Start of Block

(* Let $A$ be a finite group and let $G$ be a finite group containing $A$ and an element $c$ of order $n$ with $A\cap\langle c\rangle=\{1_G\}$ and $G=A\langle c\rangle$. For $x\in A$ let $\varphi(x)\in A$ and $\Pi(x)\in\mathbb{Z}_n$ be the unique elements with $cx=\varphi(x)c^{\Pi(x)}$, and let $m$ be the order of $\varphi$ (which is a skew-morphism of $A$ with power function $\pi$). Then: (a) $\langle c^m\rangle$ is a normal subgroup of $G$ and $G/\langle c^m\rangle$ is isomorphic to the skew product $A\langle\varphi\rangle$; (b) the subgroup $A\langle c^m\rangle$ is a semidirect product $A\ltimes\langle c^m\rangle$ in which $x^{-1}c^mx=(c^m)^{\sigma_\Pi(x,m)/m}$ for all $x\in A$; (c) $\mathrm{Av}(x)\equiv1\pmod{n/m}$ for all $x\in A$ if and only if $c^m$ is a central element of $G$.
   Context: A skew-morphism of a finite group $A$ is a permutation $\varphi$ of $A$ with $\varphi(1_A)=1_A$ for which there is a function $\pi:A\to\mathbb{Z}_m$ ($m$ the order of $\varphi$) with $\varphi(xy)=\varphi(x)\varphi^{\pi(x)}(y)$ for all $x,y\in A$. For $f\in\{\pi,\Pi\}$, $\sigma_f(x,0)=0$ and $\sigma_f(x,k)=\sum_{i=1}^{k}f(\varphi^{i-1}(x))$ for $k>0$. The value $\sigma_\Pi(x,m)\in\mathbb{Z}_n$ is divisible by $m$, and $\mathrm{Av}(x)=\frac1m\sigma_\Pi(x,m)\in\mathbb{Z}_{n/m}$. The skew product $A\langle\varphi\rangle$ is the group on the set of formal products $x\varphi^i$ ($x\in A$, $i\in\mathbb{Z}_m$) with multiplication $x\varphi^i\cdot y\varphi^j=x\varphi^i(y)\varphi^{\sigma_\pi(y,i)+j}$. *)

From mathcomp Require Import all_boot fingroup morphism quotient gproduct center.
Set Implicit Arguments. Unset Strict Implicit. Unset Printing Implicit Defensive.
Local Open Scope group_scope.

(* sigma_f(x,k) = sum_{i=1}^{k} f(phi^{i-1}(x)), computed in nat
   (reduce modulo the appropriate modulus where used). *)
Definition sigma (gT : Type) (f : gT -> nat) (phi : gT -> gT) (x : gT) (k : nat)
  : nat := \sum_(i < k) f (iter i phi x).

(* Multiplication of the skew product A<phi>, whose elements x phi^i are
   represented by pairs (x, i) with x in A and i < m:
   (x phi^i) (y phi^j) = x phi^i(y) phi^(sigma_pi(y,i) + j). *)
Definition skew_mul (gT : finGroupType) (phi : gT -> gT) (pi : gT -> nat)
  (m : nat) (a b : gT * nat) : gT * nat :=
  ((a.1 * iter a.2 phi b.1)%g, ((sigma pi phi b.1 a.2 + b.2) %% m)%N).

From mathcomp Require Import all_boot fingroup morphism quotient gproduct center.
From mathcomp Require Import zmodp cyclic.

Set Implicit Arguments.
Unset Strict Implicit.
Unset Printing Implicit Defensive.

Local Open Scope group_scope.

(* Iterating c x = phi(x) c^Pi(x) gives c^k x = phi^k(x) c^sigma_Pi(x,k), so by
   uniqueness of the factorization x c^i in G = A<c> the order m of phi divides
   n = #[c], and (c^m)^x = c^sigma_Pi(x,m).  The latter element passes every
   y in A with trivial phi-part, as c^m does, so sigma_Pi(x,m) is a period of
   phi, hence a multiple of m: A normalises <c^m>, giving (a) and (b), and the
   coordinates (x, i mod m) of the cosets of <c^m> multiply as in A<phi>.
   Finally c^m is central iff (c^m)^x = c^m for all x in A, i.e. iff
   sigma_Pi(x,m)/m = 1 modulo #[c^m] = n/m. *)

Lemma iter_period_dvdn (T : Type) (f : T -> T) (D : {pred T}) (m k : nat) :
  (0 < m)%N -> {in D, forall x, iter m f x = x} ->
  (forall j, (0 < j)%N -> {in D, forall x, iter j f x = x} -> (m <= j)%N) ->
  {in D, forall x, iter k f x = x} -> (m %| k)%N.
Proof.
move=> m_gt0 fm m_min fk.
have fr : {in D, forall x, iter (k %% m) f x = x}.
  move=> x Dx; have fqm : iter (k %/ m * m) f x = x.
    by rewrite iterM; elim: (k %/ m) => //= q ->; apply: fm.
  by rewrite -{1}fqm -iterD addnC -divn_eq fk.
rewrite /dvdn; case: posnP => // r_gt0.
by have := m_min _ r_gt0 fr; rewrite leqNgt ltn_pmod.
Qed.

Definition cycle_exp (gT : finGroupType) (c y : gT) : nat :=
  invm (injm_Zpm c) y.

Lemma expg_cycle_exp (gT : finGroupType) (c y : gT) :
  y \in <[c]> -> c ^+ cycle_exp c y = y.
Proof. by rewrite -{1}im_Zpm => /(invmK (injm_Zpm c)). Qed.

Section SkewFactorization.

Variables (gT : finGroupType) (A G : {group gT}) (c : gT).
Variables (phi : gT -> gT) (Pi : gT -> nat) (m : nat).

Hypothesis tiAC : A :&: <[c]> = 1.
Hypothesis defG : A * <[c]> = G.
Hypothesis phiA : {in A, forall x, phi x \in A}.
Hypothesis mulcA : {in A, forall x, c * x = phi x * c ^+ Pi x}.
Hypothesis m_gt0 : (0 < m)%N.
Hypothesis phim : {in A, forall x, iter m phi x = x}.
Hypothesis m_min :
  forall k, (0 < k)%N -> {in A, forall x, iter k phi x = x} -> (m <= k)%N.

Local Notation H := <[c ^+ m]>.

Lemma memG_mul_expc x i : x \in A -> x * c ^+ i \in G.
Proof. by move=> Ax; rewrite -defG mem_mulg ?mem_cycle. Qed.

Lemma cycle_subG_G : <[c]> \subset G.
Proof. by rewrite -defG mulG_subr. Qed.

Lemma mem_iter_phi k : {in A, forall x, iter k phi x \in A}.
Proof. by elim: k => [|k IHk] x Ax //=; rewrite phiA ?IHk. Qed.

Lemma expc_mulE k :
  {in A, forall x, c ^+ k * x = iter k phi x * c ^+ sigma Pi phi x k}.
Proof.
elim: k => [|k IHk] x Ax; first by rewrite /sigma big_ord0 !expg0 mul1g mulg1.
rewrite expgS -mulgA IHk // mulgA mulcA ?mem_iter_phi // -mulgA -expgD.
by rewrite /sigma big_ord_recr /= addnC.
Qed.

Lemma mulg_cycle_injl x y i j :
  x \in A -> y \in A -> x * c ^+ i = y * c ^+ j -> x = y.
Proof.
move=> Ax Ay eq_xy.
by rewrite -(divgrMid tiAC Ax (mem_cycle c i)) eq_xy divgrMid ?mem_cycle.
Qed.

Lemma iter_phi_order : {in A, forall x, iter #[c] phi x = x}.
Proof.
move=> x Ax; apply/esym/(@mulg_cycle_injl _ _ 0 (sigma Pi phi x #[c])) => //.
  exact: mem_iter_phi.
by rewrite expg0 mulg1 -expc_mulE // expg_order mul1g.
Qed.

Lemma dvdn_period_order : (m %| #[c])%N.
Proof. exact: iter_period_dvdn m_gt0 phim m_min iter_phi_order. Qed.

Lemma conjg_expc : {in A, forall x, (c ^+ m) ^ x = c ^+ sigma Pi phi x m}.
Proof. by move=> x Ax; rewrite conjgE expc_mulE // phim // mulKg. Qed.

Lemma iter_phi_sigma x :
  x \in A -> {in A, forall y, iter (sigma Pi phi x m) phi y = y}.
Proof.
move=> Ax y Ay; have Axy : x * y \in A by rewrite groupM.
have cs_y : c ^+ sigma Pi phi x m * y = y * c ^+ sigma Pi phi (x * y) m.
  by rewrite -conjg_expc // conjgE -!mulgA expc_mulE // phim // mulgA mulKg.
have := expc_mulE (sigma Pi phi x m) Ay.
by rewrite cs_y => /(mulg_cycle_injl Ay (mem_iter_phi _ Ay)) <-.
Qed.

Lemma dvdn_period_sigma x : x \in A -> (m %| sigma Pi phi x m %% #[c])%N.
Proof.
move=> Ax; have := iter_period_dvdn m_gt0 phim m_min (iter_phi_sigma Ax).
by rewrite /dvdn (modn_dvdm _ dvdn_period_order).
Qed.

Lemma conjg_expc_Av x : x \in A ->
  (c ^+ m) ^ x = (c ^+ m) ^+ ((sigma Pi phi x m %% #[c]) %/ m).
Proof.
move=> Ax; rewrite conjg_expc // -expgM mulnC divnK ?dvdn_period_sigma //.
by rewrite expg_mod_order.
Qed.

Lemma norms_cycle_expcA : A \subset 'N(H).
Proof.
apply/subsetP=> x Ax.
by rewrite -cycle_subG norms_cycle conjg_expc_Av ?mem_cycle.
Qed.

Lemma cycle_expc_tiA : H :&: A = 1.
Proof. by apply/trivgP; rewrite -tiAC setIC; exact: setSI (cycleX c m). Qed.

Lemma sdprod_cycle_expc : H ><| A = A * H.
Proof.
by rewrite sdprodE ?cycle_expc_tiA ?norms_cycle_expcA ?(normC norms_cycle_expcA).
Qed.

Lemma conjg_expc_fixE x : x \in A ->
  ((c ^+ m) ^ x == c ^+ m) =
  ((sigma Pi phi x m %% #[c]) %/ m == 1 %[mod #[c] %/ m]).
Proof.
move=> Ax; rewrite conjg_expc_Av // -{2}(expg1 (c ^+ m)) eq_expg_mod_order.
by rewrite orderXdiv ?dvdn_period_order.
Qed.

Lemma expc_in_center :
  c ^+ m \in 'Z(G) <-> {in A, forall x, (c ^+ m) ^ x = c ^+ m}.
Proof.
split=> [/centerP[_ cGcm] x Ax | fixA].
  by rewrite conjgE (cGcm x) ?mulKg // -defG -[x]mulg1 mem_mulg ?group1.
apply/centerP; split=> [|g]; first exact: subsetP cycle_subG_G _ (mem_cycle c m).
rewrite -defG => /mulsgP[x _ Ax /cycleP[i ->] ->].
apply: commuteM; first by rewrite /commute conjgC fixA.
exact/commuteX2/commute_refl.
Qed.

Lemma Av_center_iff :
  (forall x, x \in A ->
     ((sigma Pi phi x m %% #[c]) %/ m) %% (#[c] %/ m) = 1 %% (#[c] %/ m))%N
  <-> c ^+ m \in 'Z(G).
Proof.
split=> [Av1 | /expc_in_center fixA x Ax].
  by apply/expc_in_center => x Ax; apply/eqP; rewrite conjg_expc_fixE ?Av1.
by apply/eqP; rewrite -conjg_expc_fixE ?fixA.
Qed.

Lemma normal_cycle_expc : H <| G.
Proof.
rewrite /normal (subset_trans (cycleX c m) cycle_subG_G) -defG mulG_subG.
by rewrite norms_cycle_expcA sub_abelian_norm ?cycle_abelian ?cycleX.
Qed.

Lemma normG_mul_expc x i : x \in A -> x * c ^+ i \in 'N(H).
Proof.
by move=> Ax; apply: subsetP (normal_norm normal_cycle_expc) _ (memG_mul_expc i Ax).
Qed.

Lemma coset_expc_modm x i : coset H (x * c ^+ i) = coset H (x * c ^+ (i %% m)).
Proof.
rewrite {1}(divn_eq i m) addnC expgD mulgA coset_kerr //.
by rewrite mulnC expgM mem_cycle.
Qed.

Lemma coset_mul_expc_inj x y i j : x \in A -> y \in A ->
  coset H (x * c ^+ i) = coset H (y * c ^+ j) -> x = y /\ i = j %[mod m].
Proof.
move=> Ax Ay eq_coset.
have Nxi := normG_mul_expc i Ax; have Nyj := normG_mul_expc j Ay.
have /cycleP[k def_k] : (y * c ^+ j)^-1 * (x * c ^+ i) \in H.
  apply: coset_idr; first by rewrite groupM ?groupV.
  by rewrite morphM ?groupV // morphV //= eq_coset mulVg.
have eq_xy : x * c ^+ i = y * c ^+ (j + m * k).
  by rewrite expgD mulgA expgM -def_k mulKVg.
have x_y := mulg_cycle_injl Ax Ay eq_xy; split=> //.
move: eq_xy; rewrite x_y => /mulgI/eqP; rewrite eq_expg_mod_order.
move=> /eqP/(congr1 (modn^~ m)); rewrite /= !(modn_dvdm _ dvdn_period_order).
by rewrite addnC mulnC modnMDl.
Qed.

Definition skew_coords (u : coset_of H) : gT * nat :=
  (divgr A <[c]> (repr u), cycle_exp c (remgr A <[c]> (repr u)) %% m).

Lemma skew_coordsP u : u \in G / H ->
  [/\ (skew_coords u).1 \in A, ((skew_coords u).2 < m)%N
    & u = coset H ((skew_coords u).1 * c ^+ (skew_coords u).2)].
Proof.
move=> Gu; have : repr u \in coset H @*^-1 (G / H).
  apply: mem_morphpre (repr_coset_norm u) _.
  by change (coset H (repr u) \in G / H); rewrite coset_reprK.
rewrite quotientGK ?normal_cycle_expc // -defG => Gr.
split; [exact: mem_divgr | exact: ltn_pmod |].
by rewrite -coset_expc_modm expg_cycle_exp ?mem_remgr // -divgr_eq coset_reprK.
Qed.

Lemma skew_coords_coset x i :
  x \in A -> skew_coords (coset H (x * c ^+ i)) = (x, i %% m)%N.
Proof.
move=> Ax.
have [] := skew_coordsP (mem_quotient H (memG_mul_expc i Ax)).
case: (skew_coords _) => y j /= Ay lt_jm def_u.
have [<- eq_ij] := coset_mul_expc_inj Ax Ay def_u.
by rewrite eq_ij modn_small.
Qed.

Lemma skew_coordsM : {in G / H &, forall u v,
  skew_coords (u * v) =
  skew_mul phi (fun x => Pi x %% m)%N m (skew_coords u) (skew_coords v)}.
Proof.
move=> u v /skew_coordsP + /skew_coordsP.
case: (skew_coords u) (skew_coords v) => [x i] [y j] /= [Ax _ ->] [Ay _ ->].
rewrite -morphM ?normG_mul_expc //.
have -> : x * c ^+ i * (y * c ^+ j) =
          x * iter i phi y * c ^+ (sigma Pi phi y i + j).
  by rewrite expgD !mulgA -(mulgA x) expc_mulE // !mulgA.
rewrite skew_coords_coset ?groupM ?mem_iter_phi // /skew_mul; congr pair.
by rewrite -modnDml /sigma -modn_summ modnDml.
Qed.

Lemma quotient_skew_product :
  exists f : coset_of H -> gT * nat,
    {in G / H &, injective f} /\
    (forall u, u \in G / H -> (f u).1 \in A /\ ((f u).2 < m)%N) /\
    (forall x i, x \in A -> (i < m)%N -> exists2 u, u \in G / H & f u = (x, i)) /\
    {in G / H &, forall u v,
       f (u * v) = skew_mul phi (fun x => Pi x %% m)%N m (f u) (f v)}.
Proof.
exists skew_coords; split; [|split; [|split]].
- move=> u v Gu Gv eq_uv.
  by have [_ _ ->] := skew_coordsP Gu; have [_ _ ->] := skew_coordsP Gv; rewrite eq_uv.
- by move=> u /skew_coordsP[].
- move=> x i Ax lt_im; exists (coset H (x * c ^+ i)).
    exact/mem_quotient/memG_mul_expc.
  by rewrite skew_coords_coset ?modn_small.
- exact: skew_coordsM.
Qed.

End SkewFactorization.

Theorem proposition4p1 (gT : finGroupType) (A G : {group gT}) (c : gT)
  (phi : gT -> gT) (Pi : gT -> nat) (m : nat) :
  A \subset G -> c \in G ->
  A :&: <[c]> = 1 -> A * <[c]> = G ->
  (* phi(x) in A and Pi(x) in Z_n (n = #[c]) with c x = phi(x) c^Pi(x) *)
  (forall x, x \in A -> phi x \in A /\ (Pi x < #[c])%N /\
                        c * x = phi x * c ^+ Pi x) ->
  (* m is the order of the permutation phi of A *)
  (0 < m)%N -> (forall x, x \in A -> iter m phi x = x) ->
  (forall k, (0 < k)%N -> (forall x, x \in A -> iter k phi x = x) -> (m <= k)%N) ->
  let pi := fun x => (Pi x %% m)%N in
  let H := <[c ^+ m]> in
  (* (a) *)
  (H <| G /\
   exists f : coset_of H -> gT * nat,
     {in G / H &, injective f} /\
     (forall u, u \in G / H -> (f u).1 \in A /\ ((f u).2 < m)%N) /\
     (forall x i, x \in A -> (i < m)%N -> exists2 u, u \in G / H & f u = (x, i)) /\
     {in G / H &, forall u v, f (u * v) = skew_mul phi pi m (f u) (f v)})
  /\
  (* (b) *)
  (H ><| A = A * H /\
   forall x, x \in A -> (c ^+ m) ^ x = (c ^+ m) ^+ ((sigma Pi phi x m %% #[c]) %/ m))
  /\
  (* (c) *)
  ((forall x, x \in A ->
      ((sigma Pi phi x m %% #[c]) %/ m) %% (#[c] %/ m) = 1 %% (#[c] %/ m))%N
   <-> c ^+ m \in 'Z(G)).
Proof.
(* A \subset G and c \in G are implied by A * <[c]> = G. *)
move=> _ _ tiAC defG cxA m_gt0 phim m_min pi H.
have phiA : {in A, forall x, phi x \in A} by move=> x /cxA[].
have mulcA : {in A, forall x, c * x = phi x * c ^+ Pi x} by move=> x /cxA[_ []].
split; [split | split; [split |]].
- exact: normal_cycle_expc tiAC defG phiA mulcA m_gt0 phim m_min.
- exact: quotient_skew_product tiAC defG phiA mulcA m_gt0 phim m_min.
- exact: sdprod_cycle_expc tiAC phiA mulcA m_gt0 phim m_min.
- exact: conjg_expc_Av tiAC phiA mulcA m_gt0 phim m_min.
- exact: Av_center_iff tiAC defG phiA mulcA m_gt0 phim m_min.
Qed.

End of Block

== WORK INSTRUCTION ==
What is the number of lines in the material above that include "cGcm"? Answer with the number only.

== ANSWER FOR THE TASK ==
2